Thanks for reporting this issue @lch277, I'm going to reopen this issue since it seems similar.

This would be a great time to have had our debug logging in place so we can exactly track down the sequence of events in your request. Maybe we should speed up the integration of those logs to help solve issues like this.

iwoloschin commented 5 years ago

I also had this error with httpx 0.7.2 while communicating with a FastAPI based application running straight on Uvicorn (no gunicorn). This specific issue was against a brand new endpoint I just added in, but other similar endpoints have worked fine with requests for quite some time now. I have not yet had a chance to dig into logs, will do that later today and try to post back something more useful here.

A quick check reveals my FastAPI server appears to have crashed, of course without any sort of decent logging, at the same time this request was made. I'm tentatively pointing my blaming finger at my server application crashing mid-request.

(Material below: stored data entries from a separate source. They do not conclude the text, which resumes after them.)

(* Let $H$ be a complex Hilbert space, $A\in B(H)$ a nonzero positive semidefinite operator, and $T\in B_{A^{1/2}}(H)$. Let $T_b$ be the operator on $\mathbf{R}(A^{1/2})$ given by $T_b(A^{1/2}x)=A^{1/2}Tx$, $x\in H$. Then $$\|T_b\|_{\mathbf{R}(A^{1/2})}=\|(T^{\diamond})^{\diamond}\|=\|T^{\diamond}\|_A,$$ where $\|(T^\diamond)^\diamond\|$ is the usual operator norm on $H$.
   Context: $\|x\|_A=\langle Ax,x\rangle^{1/2}$. For $S\in B(H)$, $\|S\|_A=\sup\{\|Sx\|_A : x\in\overline{R(A)},\ \|x\|_A=1\}$. $B_{A^{1/2}}(H)=\{S\in B(H): R(S^*A^{1/2})\subset R(A^{1/2})\}$. For $S\in B_{A^{1/2}}(H)$, $S^{\diamond}$ is the unique operator in $B(H)$ with $S^*A^{1/2}=A^{1/2}S^{\diamond}$ and $R(S^{\diamond})\subset\overline{R(A^{1/2})}$; $S^\diamond\in B_{A^{1/2}}(H)$. $P$ is the orthogonal projection onto $\overline{R(A)}$, and $\mathbf{R}(A^{1/2})$ is the Hilbert space $R(A^{1/2})$ with inner product $(A^{1/2}x,A^{1/2}y)=\langle Px,Py\rangle$. *)

From HB Require Import structures.
From mathcomp Require Import all_boot all_order all_algebra.
From mathcomp Require Import classical_sets boolp reals.
From mathcomp Require Import complex.
From Stdlib Require Import ClassicalEpsilon.
Set Implicit Arguments. Unset Strict Implicit. Unset Printing Implicit Defensive.
Import Order.TTheory GRing.Theory Num.Theory.
Local Open Scope ring_scope.
Local Open Scope classical_set_scope.

Section Hilbert.
Variables (R : realType) (H : lmodType R[i]) (ip : H -> H -> R[i]).

Definition hnorm (x : H) : R := Num.sqrt (@complex.Re R (ip x x)).

Definition is_hilbert : Prop :=
  [/\ (forall (a : R[i]) (x y z : H), ip (a *: x + y) z = a * ip x z + ip y z),
      (forall x y : H, ip y x = conjc (ip x y)),
      (forall x : H, 0 <= ip x x),
      (forall x : H, ip x x = 0 -> x = 0) &
      (forall u : nat -> H,
         (forall e : R, 0 < e -> exists N : nat, forall m n : nat,
            (N <= m)%N -> (N <= n)%N -> hnorm (u m - u n) < e) ->
         exists l : H, forall e : R, 0 < e -> exists N : nat,
            forall n : nat, (N <= n)%N -> hnorm (u n - l) < e)].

sethmlarson commented 5 years ago

@iwoloschin Yes but we should be able to handle that sort of issue gracefully from the HTTPX side. You shouldn't be getting an h11 exception.

iwoloschin commented 5 years ago

@sethmlarson I won't argue about that :). I'd much prefer only having to think about HTTPX exceptions when using HTTPX!

I've added some logging and kicked off another test. It's not a fast test and the issue appears to have been intermittent, so I might not have any results for a while and if it's truly intermittent I may never get results (but hey, no errors is good too, right...?).

sethmlarson commented 5 years ago

@iwoloschin Are you aware of HTTPX_DEBUG=1 for debugging high-level events happening within HTTPX? :)

iwoloschin commented 5 years ago

Nope! I'll take a look at that.

My re-test failed with a httpx.exceptions.ReadTimeout on a different endpoint that should take less than a second. I'm leaning towards my problem with the h11 exception being my server crashing. I'll still second a vote for encapsulating exceptions to only throw HTTPX exceptions.

tomchristie commented 5 years ago

I'll still second a vote for encapsulating exceptions to only throw HTTPX exceptions.

Agreed, yup.

florimondmanca commented 5 years ago

So, is this still an issue? And if so, what can we do to resolve it?

Should we introduce a sort of « catch all » wrapper exception? (That doesn’t seem easily feasible to me without introducing cruft.)
Perhaps we could build up a small reproduction example in which we’d forcibly crash or close the remote server and see what happens, ie whether we get the h11 exception again?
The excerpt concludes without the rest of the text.